E’ stato un brutto colpo per me vedere quanta poca gente è arrivata per goderseli (l’imminente data con gli Heaven Shall Burn poi successivamente cancellata non ha di certo aiutato, ma diamine, era questo il concerto al quale presenziare se loro contano realmente qualcosa nella nostra vita), si perché loro non sono cambiati (certo non c’è più Lars dietro alla batteria ma quella bestia di Horgh), questa cosa mi ha procurato un “fastidio interiore” placatosi solamente alla partenza del loro concerto con End of Disclosure. Posso solo immaginare il fastidio che può aver dato a Peter e soci realizzare come anche questa volta una sua creatura non abbia procurato un pubblico degno di nota in Italia (come fra l’altro per i suoi Pain). Purtroppo ormai è un dato di fatto, se non sei i Dark Tranquillity, Amon Amarth o qualche rassegna folk in questo paese fai poco o poco più, e fa realmente male vedere una band storica come gli Hypocrisy raccogliere praticamente briciole. Sono arrivato alla conclusione di dire “no,non ce li meritiamo proprio” e molto probabilmente sarà così in futuro perché dubito che passeranno nuovamente come headliner (sarò contento di essere smentito comunque). Proprio non riesco a capire come riempiano locali in tutta Europa e non in Italia, eppure loro sono sempre le solite macchine perfette e professionali (nonostante l’esiguo pubblico e il caldo, hanno suonato come se fossero davanti a centinaia di persone), la band che dal vivo ti appaga completamente con un gioco di luci sempre perfetto, dove melodia e brutalità non finiscono ma si incontrano continuamente e poi ragazzi a questo giro avevano preparato una scaletta da “paura pura” con il solo Catch 22 escluso completamente, ma li ci arriviamo dopo, ora il resto…e che resto.

Concerto aperto dai genovesi Nerve, gruppo che sta cercando da un po di tempo di emergere dal “calderone italico”, i ragazzi suonano bene nonostante i problemi alla batteria li blocchino in più di un occasione. Immagino come possa essere difficile suonare davanti ad un pubblico che nemmeno riempie la prima fila, ma tant’è riescono ad esprimersi al meglio, da rivedere in altra situazione sicuramente.

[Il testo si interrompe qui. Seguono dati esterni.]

(* Let $\lambda>0$, $x>0$, and let $X^*$ and $H$ be as in the context. Then 1. $\displaystyle\lim_{\varepsilon\to1}\mathbb{E}\big[e^{-xX^*}H(x,\varepsilon X^* )\big]=\frac{e^{-2\lambda}}{1-e^{-\lambda}}\exp[\lambda e^{-x}-x]\left\{\exp[\lambda e^{-x}]\,Q_1\!\left(\sqrt{2\lambda e^{-x}},\sqrt{2\lambda e^{-x}}\right)-1\right\}$; 2. $\displaystyle\lim_{\varepsilon\to\infty}\mathbb{E}\big[e^{-xX^*}H(x,\varepsilon X^* )\big]=\frac{e^{-2\lambda}}{1-e^{-\lambda}}\exp[\lambda e^{-x}-x]\left\{\exp[\lambda e^{-x}]-1\right\}$.
   Context: $X^*$ is a random variable with $\mathbb{P}(X^*=k)=e^{-\lambda}\lambda^{k-1}/(k-1)!$, $k=1,2,\ldots$. For $x>0$ and real $s>0$, $H(x,s):=\frac{e^{-\lambda}}{1-e^{-\lambda}}\left\{\frac{\exp[\lambda e^{-x}]\,\Gamma(s,\lambda e^{-x})}{\Gamma(s)}-1\right\}$, with $\Gamma(s,y)=\int_y^\infty t^{s-1}e^{-t}dt$ the upper incomplete gamma function. $Q_\nu(a,b)=a^{1-\nu}\int_b^\infty t^\nu\exp[-(t^2+a^2)/2]\,I_{\nu-1}(at)\,dt$ is the generalized Marcum Q-function of order $\nu$, where $I_\nu$ is the modified Bessel function of the first kind of order $\nu$. *)

From Stdlib Require Import Reals Factorial.
From Coquelicot Require Import Coquelicot.
Open Scope R_scope.

Definition upper_gamma (s y : R) : R :=
  RInt_gen (fun t => Rpower t (s - 1) * exp (- t)) (at_point y) (Rbar_locally p_infty).

Definition Gamma_fun (s : R) : R :=
  RInt_gen (fun t => Rpower t (s - 1) * exp (- t)) (at_right 0) (Rbar_locally p_infty).

Definition H (lam x s : R) : R :=
  exp (- lam) / (1 - exp (- lam)) *
  (exp (lam * exp (- x)) * upper_gamma s (lam * exp (- x)) / Gamma_fun s - 1).

Definition BesselI0 (z : R) : R :=
  Series (fun k => (z / 2) ^ (2 * k) / (INR (Factorial.fact k)) ^ 2).

Definition MarcumQ1 (a b : R) : R :=
  RInt_gen (fun t => t * exp (- (t ^ 2 + a ^ 2) / 2) * BesselI0 (a * t))
           (at_point b) (Rbar_locally p_infty).

Definition pmf_Xstar (lam : R) (k : nat) : R :=
  exp (- lam) * lam ^ (k - 1) / INR (Factorial.fact (k - 1)).

Definition E_Xstar (lam : R) (g : R -> R) : R :=
  Series (fun n => pmf_Xstar lam (S n) * g (INR (S n))).

(* With y = lam e^(-x), the n-th term of the expectation is the Poisson(y) weight y^n/n! times
   an affine function of the ratio Gamma(eps (n+1), y) / Gamma(eps (n+1)), which lies in [0, 1];
   Tannery's theorem therefore reduces both limits to limits of this ratio.  As eps -> 1 it tends
   to Gamma(n+1, y) / n! = P(Poisson(y) <= n), by continuity of the incomplete gamma functions at
   integers; as eps -> oo it tends to 1, because the lower incomplete part is at most y^s / s.
   Expanding I_0 into its power series and integrating termwise gives
   Q_1(a, a) = e^(-y) sum_n y^n/n! P(Poisson(y) <= n) for a = sqrt(2y), which identifies the
   first limit. *)

From Stdlib Require Import Reals Factorial Lra Lia.
From Coquelicot Require Import Coquelicot.
Open Scope R_scope.

(** * Limits along filters and dominated convergence for series *)

Section FilterLimits.
Context {T : Type} (F : (T -> Prop) -> Prop).

Lemma filterlim_le_R {FF : ProperFilter F} (f g : T -> R) (l m : R) :
  F (fun e => f e <= g e) -> filterlim f F (locally l) -> filterlim g F (locally m) ->
  l <= m.
Proof.
  intros Hfg Hf Hg.
  assert (FF' : ProperFilter' F) by (apply Proper_StrongProper; exact FF).
  exact (filterlim_le f g (Finite l) (Finite m) Hfg Hf Hg).
Qed.

Lemma filterlim_Rabs_R {FF : Filter F} (f : T -> R) (l : R) :
  filterlim f F (locally l) -> filterlim (fun e => Rabs (f e)) F (locally (Rabs l)).
Proof. intros Hf. apply (filterlim_comp _ _ _ f Rabs F (locally l)); auto. apply continuous_Rabs. Qed.

Lemma filterlim_Rabs_le {FF : ProperFilter F} (f : T -> R) (l b : R) :
  F (fun e => Rabs (f e) <= b) -> filterlim f F (locally l) -> Rabs l <= b.
Proof.
  intros Hb Hf.
  apply (filterlim_le_R (fun e => Rabs (f e)) (fun _ => b)); auto.
  - apply filterlim_Rabs_R; auto.
  - apply filterlim_const.
Qed.

Lemma filterlim_affine {FF : Filter F} (f : T -> R) (l a c : R) :
  filterlim f F (locally l) -> filterlim (fun e => a + c * f e) F (locally (a + c * l)).
Proof.
  intros Hf. apply (filterlim_comp _ _ _ f (fun u => a + c * u) F (locally l)); auto.
  assert (Hc : continuous (fun u => a + c * u) l).
  { apply (@ex_derive_continuous R_AbsRing R_NormedModule). auto_derive. easy. }
  exact Hc.
Qed.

Altra storia con i The Modern Age Slavery, avevo “studiato” il loro nuovo disco giusto in previsione del concerto e non l’avevo metabolizzato al meglio, ma dopo tale performance ha preso tutto un piega eccezionale. I ragazzi sono perfetti, violenza pura, sputata in faccia con la giusta attitudine, “selvaggi ma quadrati”, un gruppo sul quale puntare a occhi chiusi, e a me non piace parlare o incensare qualcuno solo perché è Italiano. Ma qui ci troviamo di fronte ad un qualcosa di realmente importante. Bravi tutti partendo dal batterista per arrivare alla affilata coppia di asce. Non ultima la presenza scenica del singer, è sempre facile lasciarsi andare a proclami senza senso, io ho visto invece solo tanta umiltà e consapevolezza dei proprio mezzi, bravi tutti (finale concerto azzeccato con la giusta traccia –Icon Of A Dead World  se la memoria non mi inganna- sono comunque cose che si ricordano e che lasciano il segno).

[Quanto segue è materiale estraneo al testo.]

Lemma sum_fp_width_le N M : 2 * M + 7 <= N ->
  \sum_(c <- iota 1 M) 2 ^ (N - fp_width c) <= 2 ^ (N - 4).
Proof.
move=> HN; apply: leq_trans (geometric_fp_width (K := M.+1) _); last lia.
apply: leq_trans (leq_addr _ _).
rewrite (@big_cat_nat _ _ _ M.+1) //=; last exact: ltnW (ltn_expl _ (isT : 1 < 2)).
by rewrite /index_iota subn1 leq_addr.
Qed.

Lemma card_not_fp_separates A B N : let M := minn (size A) (size B) in
  2 * M + 7 <= N -> (2 * M + 5) * #|Sigma| * M <= N ->
  #|[set w : {ffun 'I_N -> bool} | ~~ fp_separates A B (ext w)]| * 16 <= 2 ^ N.
Proof.
move=> M HN1 HN2.
have [HMA HMB] : M <= size A /\ M <= size B by split; [exact: geq_minl | exact: geq_minr].
have -> : 2 ^ N = 2 ^ (N - 4) * 16 by rewrite -(expnD 2 _ 4) subnK //; lia.
rewrite leq_mul2r /=; under eq_finset => w do rewrite fp_separatesE negbK.
apply: leq_trans (card_has_le_sum _ _) (leq_trans _ (sum_fp_width_le HN1)).
rewrite big_seq [X in _ <= X]big_seq; apply: leq_sum => c; rewrite mem_iota => Hc.
have HcM : c <= M by rewrite /M; lia.
apply: card_prefix_collision; try lia.
by apply: leq_trans HN2; rewrite !leq_mul // leq_add2r leq_mul2l HcM.
Qed.

(* Coins read by fingerprints of prefixes of strings of total length [n], plus
   the slack [2n + 7] needed by [card_not_fp_separates]. *)
Definition fp_coins n := (2 * n + 5) * #|Sigma| * n + 2 * n + 7.

Lemma leq_fp_coins m n : m <= n -> (2 * m + 5) * #|Sigma| * m <= fp_coins n.
Proof.
move=> Hmn; apply: leq_trans (leq_addr _ _); apply: leq_trans (leq_addr _ _).
by rewrite leq_mul // leq_mul // leq_add2r leq_mul2l Hmn.
Qed.

Lemma fp_coins_leq m n : m <= n -> fp_coins m <= fp_coins n.
Proof.
move=> Hmn; have : (2 * m + 5) * #|Sigma| * m <= (2 * n + 5) * #|Sigma| * n.
  by rewrite leq_mul // leq_mul // leq_add2r leq_mul2l Hmn.
by rewrite /fp_coins; lia.
Qed.

Lemma fp_eq_coins r r' c j x : c <= size x ->
  (forall i, i < fp_coins (size x) -> r i = r' i) -> fp r c j (take c x) = fp r' c j (take c x).
Proof.
move=> Hc H; rewrite /fp; case Hj: (j < fp_width c) => //=.
apply: fp_bit_eq_coins => q a /andP[_ Hq]; apply: H.
rewrite add0n size_takel // in Hq.
apply: leq_trans (coin_index_lt Hj (ltn_ord _) Hq) _.
by apply: leq_trans (leq_fp_coins Hc); rewrite leq_mul // leq_mul // fp_width_le.
Qed.

Lemma prob_fp_separates A B (E : (nat -> bool) -> Prop) :
  (forall r r', (forall i, i < fp_coins (size A + size B) -> r i = r' i) -> E r -> E r') ->
  (forall r, fp_separates A B r -> E r) -> prob_ge_2_3 E.
Proof.
set N := fp_coins _ => HE Hsep; exists N; split.
  by move=> r r' Hr; split; apply: HE => // i /Hr.
set S := [set w : {ffun 'I_N -> bool} | fp_separates A B (ext w)].
exists (enum S); split; first exact: enum_uniq.
  by move=> w; rewrite mem_enum inE; apply: Hsep.
have HM : minn (size A) (size B) <= size A + size B by rewrite geq_min leq_addr.
have HN : 2 * minn (size A) (size B) + 7 <= N by rewrite /N /fp_coins; lia.
have := card_not_fp_separates HN (leq_fp_coins HM).
rewrite (_ : [set w | _] = ~: S); last by apply/setP => w; rewrite !inE.
have := cardsC S; rewrite card_ffun card_bool card_ord -cardE -expn_Natpow; lia.
Qed.
End Separation.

E’ anche un peccato vedere come una band in giro dal 2001 come gli Hatesphere sia ancora poco considerata, loro sono ragazzi semplici ed umili, sorridenti aldilà di tutto. Il loro concerto è stato realmente buono (anche se un po tutti hanno avuto problemi di sound “impastato”). Sicuramente chi poco li conosce non sarà riuscito a distinguere una canzone dall’altra, ma brani come Disbeliever, Sickness in primis o 500 Dead People e Murderous Intent sono davvero tanta roba. Saliti sul palco in pantaloncini corti e “ciabatte” hanno fatto scuotere la testa bene bene, nota di merito al sorridente e mattacchione fondatore Peter Lyse Hansen e anche al nuovo singer Esben “Esse” (cin, cin)  che non sarà Jacob Bredahl (il suo spettro aleggerà per sempre) ma un qualcuno che ci mette comunque del suo a favore dello show si.

Pochi ma buoni dunque, pazzi e in delirio di fronte all’ingresso di Peter e Mikael sulle note di End of Disclosure (opener solo per supporto al nuovo disco, l’opener ideale e definitiva resta Fractured Millenium), poi è il caos a regnare sovrano su Tales of Thy Spineless, in certi momenti irriconoscibile ma pur sempre devastante. Ormai la miccia è accesa Fractured Millenium ricorda a tutti perché siamo qui ad ommaggiare questa band e Left To Rot mi commuove come non avrei mai pensato, questo è Death Metal cazzo! (un bel concertino di soli pezzi dei primi due dischi è pura utopia ma sarebbe davvero gradito). The Eye riesce bene in sede live  (ultima traccia tratta dal nuovo disco vista l’esclusione di 44 Double Zero) poi è The Abyss a rallentare le cose. Su Necronomicon Peter fa qualche somma anagrafica, poi è una Fire in the Sky un po confusa ad esaltare la platea. Valley of the Damned fa sgolare più di una persona mentre Buried -come mi aspettavo- mi fa uscire letteralmente fuori di testa (murdered, buried, forgotten…another life destroyed !!) con la sua ripartenza. Elastic Inverted Vision è la solita perfetta e lenta promessa di rivedersi all’inferno, canzone che non può mancare nella loro setlist (più canzoni dal disco omonimo porca zozza!) poi è Warpath mandare ulteriormente in delirio tutti con il suo epico refrain. Il bis -privato dalla seminale e monolitica Final Chapter–  (che sia dannata la scarsa affluenza se è la causa per la quale me la sono persa) è aperto dalla storica Roswell 47 (ogni commento è superfluo, la loro canzone più conosciuta in assoluto) seguita a ruota dalla “three songs in one”  Adjusting The Sun, beh, sentirla live è pari ad un orgasmo, meglio non dire altro nel caso ci fossero minorenni in lettura. Chiusura definitiva affidata all’acclamata Eraser, avrei fatto altre scelte a riguardo ma gli Hypocrisy sono gli Hypocrisy e possono fare quello che vogliono con la loro sconfinata scelta di tracks.

Un Tagtgren stanco e ultra stra-sudato ringrazia e noi non possiamo far altro che ringraziare lui per la professionalità esibita (sembrava particolarmente scazzato prima del concerto). Voi continuate pure ad andare ai soliti concerti, i pochi presenti se la sono goduta meritatamente, anche se per un eventuale bis ho come l’impressione che dovremo fare molti chilometri.